La genetica è la nostra spada di Damocle: così la nostra esistenza è un ripetersi continuo e inarrestabile di piccole e grandi sofferenze amorose.

Osho mi ha letteralmente salvato la vita: mi ha guarito dall’ossessione, mi ha fatto capire che una cosa che ferisce, che fa stare male, che strazia il nostro cuore non si può chiamare amore.

Come dicevo ieri, la mia idea sul matrimonio è molto diversa da quella degli altri e molto simile a quella di Osho: Osho detestava il matrimonio almeno quanto me.

Osho non si sposò mai e non divenne nemmeno un monaco celibe: semplicemente perché amava la sua libertà più di se stesso e della sua famiglia che lo avrebbe voluto o casto o incastrato.

Il matrimonio, infatti, anche se all’inizio può sembrare una scelta consapevole, alla fine, diventa inevitabilmente una gabbia.
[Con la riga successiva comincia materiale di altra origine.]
Lemma is_inverse_F2 {L K : TwoCat} (U : TwoFunctor L K) {A B : obj L} (a b : cell A B) :
  is_inverse a b -> is_inverse (F2 U a) (F2 U b).
Proof.
  intros (h1&h2&h3&h4); unfold is_inverse. rewrite !src_F2, !tgt_F2, h1, h2.
  rewrite <- !F2_vcomp, h3, h4, !F2_id2 by auto; auto.
Qed.

Lemma invertible_F2 {L K : TwoCat} (U : TwoFunctor L K) {A B : obj L} (a : cell A B) :
  invertible a -> invertible (F2 U a).
Proof. intros [b H]; exists (F2 U b); apply is_inverse_F2; auto. Qed.

Lemma cleavage_congr {C : TwoCat} {A B : obj C} (f : hom A B) (cl : cleavage_data f)
    X g1 g2 al1 al2 p1 q1 p2 q2 :
  g1 = g2 -> al1 = al2 -> cl X g1 al1 p1 q1 = cl X g2 al2 p2 q2.
Proof. intros <- <-. rewrite (proof_irrelevance _ p1 p2), (proof_irrelevance _ q1 q2). auto. Qed.

Lemma normal_isofibration_of_lifts {C : TwoCat} {A B : obj C} (f : hom A B)
    (lift : forall X, hom X A -> cell X B -> cell X A -> Prop) :
  (forall X g al, src al = comp1 f g -> invertible al -> exists s, lift X g al s) ->
  (forall X g al s, src al = comp1 f g -> invertible al -> lift X g al s ->
     src s = g /\ invertible s /\ lwhisk f s = al) ->
  (forall X g al s1 s2, src al = comp1 f g -> invertible al ->
     lift X g al s1 -> lift X g al s2 -> s1 = s2) ->
  (forall Y X (k : hom Y X) g al s, src al = comp1 f g -> invertible al ->
     lift X g al s -> lift Y (comp1 g k) (rwhisk al k) (rwhisk s k)) ->
  (forall X g, lift X g (id2 (comp1 f g)) (id2 g)) ->
  normal_isofibration C A B f.
Proof.
  intros Hex Hspec Huniq Hnat Hid.
  pose (cl := fun X g al (p : src al = comp1 f g) (q : invertible al) =>
                proj1_sig (constructive_indefinite_description _ (Hex X g al p q))).
  assert (Hcl : forall X g al p q, lift X g al (cl X g al p q)).
  { intros; apply proj2_sig. }
  split; [|exists cl; split; [split|]].
  - intros X g h al p <- q. destruct (Hex X g al p q) as [s Hs].
    destruct (Hspec X g al s p q Hs) as (s1&s2&s3). exists (tgt s), s; auto.
  - intros X g al p q. apply (Hspec X g al); auto.
  - intros Y X k g al p q p' q'.
    apply (Huniq Y (comp1 g k) (rwhisk al k)); auto.
  - intros X g p q. apply (Huniq X g (id2 (comp1 f g))); auto.
Qed.

Section HomDiscreteIsofibrations.
Context {L K : TwoCat} (U : TwoFunctor L K) (HD : hom_discrete_isofibrations U).

Lemma lift_with_tgt {A B : obj L} (f : hom A B) (t : cell (F0 U A) (F0 U B)) :
  tgt t = F1 U f -> invertible t -> exists a, tgt a = f /\ invertible a /\ F2 U a = t.
Proof. intros e i. destruct (HD A B f t e i) as [a [Ha _]]. eauto. Qed.
(* Let $\phi:R_1\to R_2^\varepsilon$ and $\psi:R_2\to R_1^\varepsilon$ define an $\varepsilon$-interleaving between Reeb graphs $R_1,R_2$. Let $v$ be a split node or a maximum of $R_1$, let $v'=s(v)\in R_1^\varepsilon$, and let $z$ be a split node or a maximum of $R_2^\varepsilon$. Let $M^-_\varepsilon(z)\subset R_2^\varepsilon$ be the set of points $x$ connected to $z$ by a monotone path $Q_x$ of height at most $2\varepsilon$ with $f_2^\varepsilon(q)\le f_2^\varepsilon(z)$ for all $q\in Q_x$. If $\phi(v)\in M^-_\varepsilon(z)$, then $\phi^\varepsilon(v')\in P^\varepsilon(z)\subset R_2^{2\varepsilon}$. Symmetrically, if $v$ is a join node or minimum of $R_1$, $z$ a join node or minimum of $R_2^\varepsilon$, $M^+_\varepsilon(z)$ the set of points connected to $z$ by a monotone path of height at most $2\varepsilon$ lying entirely at or above $f_2^\varepsilon(z)$, and $\phi(v)\in M^+_\varepsilon(z)$, then $\phi^\varepsilon(s(v))\in P^\varepsilon(z)$.
   Context: A Reeb graph $R=(G,f)$ is a finite multigraph $G$ (identified with its geometric realization) with a continuous $f$ strictly monotone on each edge and injective on nodes. Split node: up-degree $>1$, down-degree $1$; join node: up-degree $1$, down-degree $>1$; maximum: up-degree $0$, down-degree $1$; minimum: up-degree $1$, down-degree $0$ (degenerate nodes are treated as superpositions of such nodes joined by zero-length edges). A morphism is a continuous function-preserving map. The height of a path is the difference between the maximum and minimum of $f$ on it; a path is monotone if $f$ is monotone along it. For $\varepsilon\ge0$, $\mathcal T^\varepsilon(R)=G\times[-\varepsilon,\varepsilon]$ with $F^\varepsilon(x,t)=f(x)+t$; $R^\varepsilon$ is the Reeb graph of $(\mathcal T^\varepsilon(R),F^\varepsilon)$ with quotient map $\pi$ and function $f^\varepsilon$; $(R^\varepsilon)^\delta$ is identified with $R^{\varepsilon+\delta}$. The shift is $\eta(x)=\pi(x,0)$, and $\eta^{2\varepsilon}:R\to R^{2\varepsilon}$ the $2\varepsilon$-shift. For a morphism $\phi:R_1\to R_2^\varepsilon$, $\phi^\delta:R_1^\delta\to R_2^{\varepsilon+\delta}$ is induced by $(x,t)\mapsto(\phi(x),t)$ on thickenings. An $\varepsilon$-interleaving is a pair $\phi:R_1\to R_2^\varepsilon$, $\psi:R_2\to R_1^\varepsilon$ with $\phi^\varepsilon\circ\psi=\eta_2^{2\varepsilon}$, $\psi^\varepsilon\circ\phi=\eta_1^{2\varepsilon}$. For $x\in R$, $P^\varepsilon(x)=\pi(\{x\}\times[-\varepsilon,\varepsilon])\subset R^\varepsilon$. For a maximum or split node $v$, $s(v)=\pi(v,\varepsilon)$; for a minimum or join node, $s(v)=\pi(v,-\varepsilon)$. *)

From HB Require Import structures.
From mathcomp Require Import all_boot all_order all_algebra.
From mathcomp Require Import all_classical all_reals all_analysis.
Set Implicit Arguments. Unset Strict Implicit. Unset Printing Implicit Defensive.
Import Order.TTheory GRing.Theory Num.Theory.
Import numFieldNormedType.Exports.
Local Open Scope classical_set_scope.
Local Open Scope ring_scope.

Section Reeb.
Variable R : realType.

(* A Reeb graph structure on (X, f): X is (homeomorphic to) the geometric
   realization of a finite multigraph whose edges are parametrized by the
   value of f (so f is strictly monotone on edges).  Since X is Hausdorff and
   covered by finitely many compact images, X carries the realization
   (quotient) topology. *)
Record reeb_structure (X : topologicalType) (f : X -> R) := ReebStructure {
  rs_V : finType;
  rs_E : finType;
  rs_src : rs_E -> rs_V;
  rs_tgt : rs_E -> rs_V;
  rs_node : rs_V -> X;
  rs_edge : rs_E -> R -> X;
  rs_f_cont : continuous f;
  rs_hausdorff : hausdorff_space X;
  rs_f_node_inj : injective (f \o rs_node);
  rs_edge_lt : forall e, f (rs_node (rs_src e)) < f (rs_node (rs_tgt e));
  rs_edge_cont : forall e,
    {within `[f (rs_node (rs_src e)), f (rs_node (rs_tgt e))],
       continuous (rs_edge e)};
  rs_edge_src : forall e, rs_edge e (f (rs_node (rs_src e))) = rs_node (rs_src e);
  rs_edge_tgt : forall e, rs_edge e (f (rs_node (rs_tgt e))) = rs_node (rs_tgt e);
  rs_edge_f : forall e t, f (rs_node (rs_src e)) <= t <= f (rs_node (rs_tgt e)) ->
    f (rs_edge e t) = t;
  rs_cover : forall x : X, (exists v, x = rs_node v) \/
    (exists e t, f (rs_node (rs_src e)) < t < f (rs_node (rs_tgt e)) /\ x = rs_edge e t);
  rs_node_not_edge : forall v e t, f (rs_node (rs_src e)) < t < f (rs_node (rs_tgt e)) ->
    rs_node v <> rs_edge e t;
  rs_edge_inj : forall e e' t t',
    f (rs_node (rs_src e)) < t < f (rs_node (rs_tgt e)) ->
    f (rs_node (rs_src e')) < t' < f (rs_node (rs_tgt e')) ->
    rs_edge e t = rs_edge e' t' -> e = e'
}.

Definition is_reeb_graph (X : topologicalType) (f : X -> R) : Prop :=
  exists S : reeb_structure f, True.

Definition updeg (X : topologicalType) (f : X -> R) (S : reeb_structure f)
  (u : rs_V S) : nat := #|[pred e | rs_src e == u]|.
Definition downdeg (X : topologicalType) (f : X -> R) (S : reeb_structure f)
  (u : rs_V S) : nat := #|[pred e | rs_tgt e == u]|.

(* x is a split node or a maximum (possibly as the upper part of a degenerate
   node): a node with up-degree different from 1. *)
Definition split_or_max (X : topologicalType) (f : X -> R) (x : X) : Prop :=
  exists (S : reeb_structure f) (u : rs_V S), rs_node u = x /\ updeg u <> 1%N.
Definition join_or_min (X : topologicalType) (f : X -> R) (x : X) : Prop :=
  exists (S : reeb_structure f) (u : rs_V S), rs_node u = x /\ downdeg u <> 1%N.

Definition thick_set (X : Type) (eps : R) : set (X * R) :=
  [set p | `|p.2| <= eps].
Arguments thick_set X eps : clear implicits.
Definition thick_fun (X : Type) (f : X -> R) (p : X * R) : R := f p.1 + p.2.

(* (Y, pi, g) is the Reeb graph of (T^eps(X), F^eps): pi restricted to the
   thickening is onto Y, identifies exactly the points lying in the same
   connected component of a level set of F^eps, Y has the quotient topology,
   and g o pi = F^eps. *)
Definition is_thickening (X Y : topologicalType) (f : X -> R) (eps : R)
  (pi : X * R -> Y) (g : Y -> R) : Prop :=
  [/\ (forall y : Y, exists p, thick_set X eps p /\ pi p = y),
      (forall p q, thick_set X eps p -> thick_set X eps q ->
         (pi p = pi q <->
          (thick_fun f p = thick_fun f q /\
           connected_component
             (thick_set X eps `&` [set r | thick_fun f r = thick_fun f p]) p q))),
      (forall p, thick_set X eps p -> g (pi p) = thick_fun f p) &
      (forall U : set Y, open U <->
         exists O : set (X * R), open O /\
           pi @^-1` U `&` thick_set X eps = O `&` thick_set X eps)].

Definition reeb_morphism (X Y : topologicalType) (f : X -> R) (g : Y -> R)
  (h : X -> Y) : Prop := continuous h /\ forall x, g (h x) = f x.

Definition path_between (Y : topologicalType) (gam : R -> Y) (x z : Y) : Prop :=
  [/\ {within `[0, 1], continuous gam}, gam 0 = x & gam 1 = z].
Definition monotone_path (Y : topologicalType) (g : Y -> R) (gam : R -> Y) : Prop :=
  {in `[0, 1] &, {homo (g \o gam) : a b / a <= b}} \/
  {in `[0, 1] &, {homo (g \o gam) : a b / a <= b >-> b <= a}}.
Definition path_height_le (Y : topologicalType) (g : Y -> R) (gam : R -> Y) (h : R) : Prop :=
  forall a b, a \in `[0, 1] -> b \in `[0, 1] -> g (gam a) - g (gam b) <= h.

Definition Mminus (Y : topologicalType) (g : Y -> R) (eps : R) (z : Y) : set Y :=
  [set x | exists gam, [/\ path_between gam x z, monotone_path g gam,
     path_height_le g gam (2 * eps) &
     forall a, a \in `[0, 1] -> g (gam a) <= g z]].
Definition Mplus (Y : topologicalType) (g : Y -> R) (eps : R) (z : Y) : set Y :=
  [set x | exists gam, [/\ path_between gam x z, monotone_path g gam,
     path_height_le g gam (2 * eps) &
     forall a, a \in `[0, 1] -> g z <= g (gam a)]].

Definition Pset (Y W : Type) (rho : Y * R -> W) (eps : R) (z : Y) : set W :=
  [set w | exists t, `|t| <= eps /\ w = rho (z, t)].

End Reeb.

From HB Require Import structures.
From mathcomp Require Import all_boot all_order all_algebra.
From mathcomp Require Import all_classical all_reals all_analysis.
From mathcomp Require Import lra.
Set Implicit Arguments. Unset Strict Implicit. Unset Printing Implicit Defensive.
Import Order.TTheory GRing.Theory Num.Theory.
Import numFieldNormedType.Exports.
Local Open Scope classical_set_scope.
Local Open Scope ring_scope.

(* By definition of phi^eps, phi^eps(s(v)) = rho2 (phi v, eps)
   (resp. rho2 (phi v, -eps)).  Put c = g2 (phi v) + eps (resp. - eps).  If
   phi v lies in M^-_eps(z) (resp. M^+_eps(z)), the monotone path gam from
   phi v to z stays in the band [g2 (phi v), g2 (phi v) + 2 eps] (resp.
   [g2 (phi v) - 2 eps, g2 (phi v)]), i.e. within eps of c.  Hence the points
   (gam s, c - g2 (gam s)) form a connected subset of the level set
   {F^eps = c} of the thickening, so the quotient map rho2 identifies its
   endpoints: rho2 (phi v, c - g2 (phi v)) = rho2 (z, c - g2 z), a point of
   P^eps(z). *)

Section Thickening.
Variables (R : realType) (X Y : topologicalType).

Lemma thick_fun_continuous (f : X -> R) :
  continuous f -> continuous (thick_fun f).
Proof.
move=> hf p; rewrite /thick_fun.
apply: (@cvgD _ _ _ _ _ (fun q : X * R => f q.1) (fun q : X * R => q.2)).
  by apply: (cvg_comp _ _ (@cvg_fst _ _ _ _ _)); exact: hf.
exact: cvg_snd.
Qed.

(* The function g of the thickening R^eps is continuous, since Y carries the
   quotient topology and g o pi = F^eps on the thickening. *)
Lemma thickening_fun_continuous (f : X -> R) (eps : R)
    (proj : X * R -> Y) (g : Y -> R) :
  continuous f -> is_thickening f eps proj g -> continuous g.
Proof.
move=> hf [_ _ hg hopen]; apply/continuousP => A oA.
apply hopen; exists (thick_fun f @^-1` A); split.
  by move: (thick_fun_continuous hf) => /continuousP; apply.
apply/seteqP; split => p [Ap Tp]; split => //; rewrite /preimage /=.
  by rewrite -hg.
by rewrite hg.
Qed.

End Thickening.

Section BandPath.
Variables (R : realType) (Y W : topologicalType).
Variables (g : Y -> R) (eps : R) (rho : Y * R -> W) (k : W -> R).
Hypotheses (g_cont : continuous g) (hW : is_thickening g eps rho k).

Let level_section (c : R) (y : Y) : Y * R := (y, c - g y).

Let level_section_continuous (c : R) : continuous (level_section c).
Proof.
move=> y; apply: (@cvg_pair _ _ _ (nbhs y) (nbhs y) (nbhs (c - g y)) _ _ _
  id (fun y => c - g y)); first exact: cvg_id.
by apply: cvgB; [exact: cvg_cst | exact: g_cont].
Qed.

Let level_section_level (c : R) (y : Y) : thick_fun g (level_section c y) = c.
Proof. by rewrite /thick_fun /= addrC subrK. Qed.

(* A path from x to z whose g-values stay within eps of a level c lifts to a
   connected subset of the level set {F^eps = c} of the thickening; hence
   rho identifies the lifts of its two endpoints. *)
Lemma band_path_identifies (gam : R -> Y) (x z : Y) (c : R) :
  path_between gam x z ->
  (forall s, s \in `[0, 1] -> `|c - g (gam s)| <= eps) ->
  rho (x, c - g x) = rho (z, c - g z).
Proof.
move=> [gam_cont <- <-] band; have [_ hid _ _] := hW.
have i0 : (0 : R) \in `[0, 1] by rewrite in_itv /= lexx ler01.
have i1 : (1 : R) \in `[0, 1] by rewrite in_itv /= lexx ler01.
apply/hid; rewrite /thick_set /=; [exact: band | exact: band |].
split; first by rewrite !(level_section_level c).
exists (level_section c @` (gam @` `[0, 1])); last by exists (gam 1); [exists 1|].
split; first by exists (gam 0); [exists 0|].
- move=> q [y [s s01 <-] <-]; split; first exact: band.
  by rewrite /= !(level_section_level c).
- apply: connected_continuous_connected; last first.
    by apply: continuous_subspaceT; exact: level_section_continuous.
  by apply: connected_continuous_connected => //; exact: segment_connected.
Qed.

Lemma band_path_Pset (gam : R -> Y) (x z : Y) (c : R) :
  path_between gam x z ->
  (forall s, s \in `[0, 1] -> `|c - g (gam s)| <= eps) ->
  Pset rho eps z (rho (x, c - g x)).
Proof.
move=> gam_xz band; exists (c - g z); split.
  by case: gam_xz => _ _ <-; apply: band; rewrite in_itv /= lexx ler01.
exact: band_path_identifies gam_xz band.
Qed.

End BandPath.

Section MonotonePaths.
Variables (R : realType) (Y : topologicalType) (g : Y -> R).

Let itv01_ge0 (s : R) : s \in `[0, 1] -> 0 <= s.
Proof. by rewrite in_itv /= => /andP[]. Qed.
Let itv01_le1 (s : R) : s \in `[0, 1] -> s <= 1.
Proof. by rewrite in_itv /= => /andP[]. Qed.
Let itv01_0 : (0 : R) \in `[0, 1]. Proof. by rewrite in_itv /= lexx ler01. Qed.
Let itv01_1 : (1 : R) \in `[0, 1]. Proof. by rewrite in_itv /= lexx ler01. Qed.

Lemma monotone_path_ge_start (gam : R -> Y) (s : R) :
  monotone_path g gam -> g (gam 0) <= g (gam 1) -> s \in `[0, 1] ->
  g (gam 0) <= g (gam s).
Proof.
move=> [up | down] ends s01; first exact: up _ _ itv01_0 s01 (itv01_ge0 s01).
exact: le_trans ends (down _ _ s01 itv01_1 (itv01_le1 s01)).
Qed.

Lemma monotone_path_le_start (gam : R -> Y) (s : R) :
  monotone_path g gam -> g (gam 1) <= g (gam 0) -> s \in `[0, 1] ->
  g (gam s) <= g (gam 0).
Proof.
move=> [up | down] ends s01; last exact: down _ _ itv01_0 s01 (itv01_ge0 s01).
exact: le_trans (up _ _ s01 itv01_1 (itv01_le1 s01)) ends.
Qed.

Lemma Mminus_band (eps : R) (z x : Y) :
  Mminus g eps z x -> exists gam : R -> Y, path_between gam x z /\
    forall s, s \in `[0, 1] -> `|(g x + eps) - g (gam s)| <= eps.
Proof.
move=> [gam [gam_xz mono height below]]; exists gam; split => // s s01.
have [_ g0 g1] := gam_xz.
have lo : g x <= g (gam s).
  rewrite -g0; apply: monotone_path_ge_start => //.
  by rewrite g1; exact: below.
have := height s 0 s01 itv01_0; rewrite g0 => hi.
rewrite ler_norml; apply/andP; split; lra.
Qed.

Lemma Mplus_band (eps : R) (z x : Y) :
  Mplus g eps z x -> exists gam : R -> Y, path_between gam x z /\
    forall s, s \in `[0, 1] -> `|(g x - eps) - g (gam s)| <= eps.
Proof.
move=> [gam [gam_xz mono height above]]; exists gam; split => // s s01.
have [_ g0 g1] := gam_xz.
have hi : g (gam s) <= g x.
  rewrite -g0; apply: monotone_path_le_start => //.
  by rewrite g1; exact: above.
have := height 0 s itv01_0 s01; rewrite g0 => lo.
rewrite ler_norml; apply/andP; split; lra.
Qed.

End MonotonePaths.

Theorem lemma1 (R : realType) (eps : R) (heps : 0 <= eps)
  (X1 X2 Y1 Y2 W1 W2 : topologicalType)
  (f1 : X1 -> R) (f2 : X2 -> R) (g1 : Y1 -> R) (g2 : Y2 -> R)
  (k1 : W1 -> R) (k2 : W2 -> R)
  (pi1 : X1 * R -> Y1) (pi2 : X2 * R -> Y2)
  (rho1 : Y1 * R -> W1) (rho2 : Y2 * R -> W2)
  (hR1 : is_reeb_graph f1) (hR2 : is_reeb_graph f2)
  (hY1 : is_thickening f1 eps pi1 g1) (hY2 : is_thickening f2 eps pi2 g2)
  (hW1 : is_thickening g1 eps rho1 k1) (hW2 : is_thickening g2 eps rho2 k2)
  (phi : X1 -> Y2) (psi : X2 -> Y1)
  (hphi : reeb_morphism f1 g2 phi) (hpsi : reeb_morphism f2 g1 psi)
  (phie : Y1 -> W2) (psie : Y2 -> W1)
  (hphie : forall x t, `|t| <= eps -> phie (pi1 (x, t)) = rho2 (phi x, t))
  (hpsie : forall x t, `|t| <= eps -> psie (pi2 (x, t)) = rho1 (psi x, t))
  (hint1 : forall x : X2, phie (psi x) = rho2 (pi2 (x, 0), 0))
  (hint2 : forall x : X1, psie (phi x) = rho1 (pi1 (x, 0), 0)) :
  (forall (v : X1) (z : Y2), split_or_max f1 v -> split_or_max g2 z ->
     Mminus g2 eps z (phi v) -> Pset rho2 eps z (phie (pi1 (v, eps)))) /\
  (forall (v : X1) (z : Y2), join_or_min f1 v -> join_or_min g2 z ->
     Mplus g2 eps z (phi v) -> Pset rho2 eps z (phie (pi1 (v, - eps)))).
Proof.
have [S _] := hR2.
have g2_cont : continuous g2 :=
  thickening_fun_continuous (rs_f_cont S) hY2.
split=> v z _ _.
- move=> /Mminus_band[gam [gam_xz band]].
  have := band_path_Pset g2_cont hW2 gam_xz band.
  by rewrite hphie ?ger0_norm // addrAC subrr add0r.
- move=> /Mplus_band[gam [gam_xz band]].
  have := band_path_Pset g2_cont hW2 gam_xz band.
  by rewrite hphie ?normrN ?ger0_norm // addrAC subrr add0r.
Qed.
In tutti i casi.

Perché noi cambiamo, quelli che amiamo cambiano, non è detto che noi rimarremo fedeli ai nostri gusti, non è detto che ciò che io amo a vent’anni lo amerò anche a quaranta: in questo senso il matrimonio è un’istituzione fallimentare basata sulla sopportazione, sulla fedeltà non all’amore ma ad una promessa, ad un atto legale.

“Tutti dovrebbero divorziare, senza eccezioni. Le persone dovrebbero incontrarsi e amarsi occasionalmente, quando si presenta l’occasione. Non dovrebbero sussistere situazioni sgradevoli, come quando una moglie deve fare l’amore con un uomo che non ama più, perché deve fare il suo dovere. E il marito fa il suo dovere: facendo l’amore con la moglie forse sta pensando a un’altra… e la donna potrebbe pensare a un altro uomo! Che sorta di società nevrotica avete creato? Se non vi amate, quantomeno siate umani e ditevi francamente che è stato bello stare insieme, ma adesso è finita: ditevi addio!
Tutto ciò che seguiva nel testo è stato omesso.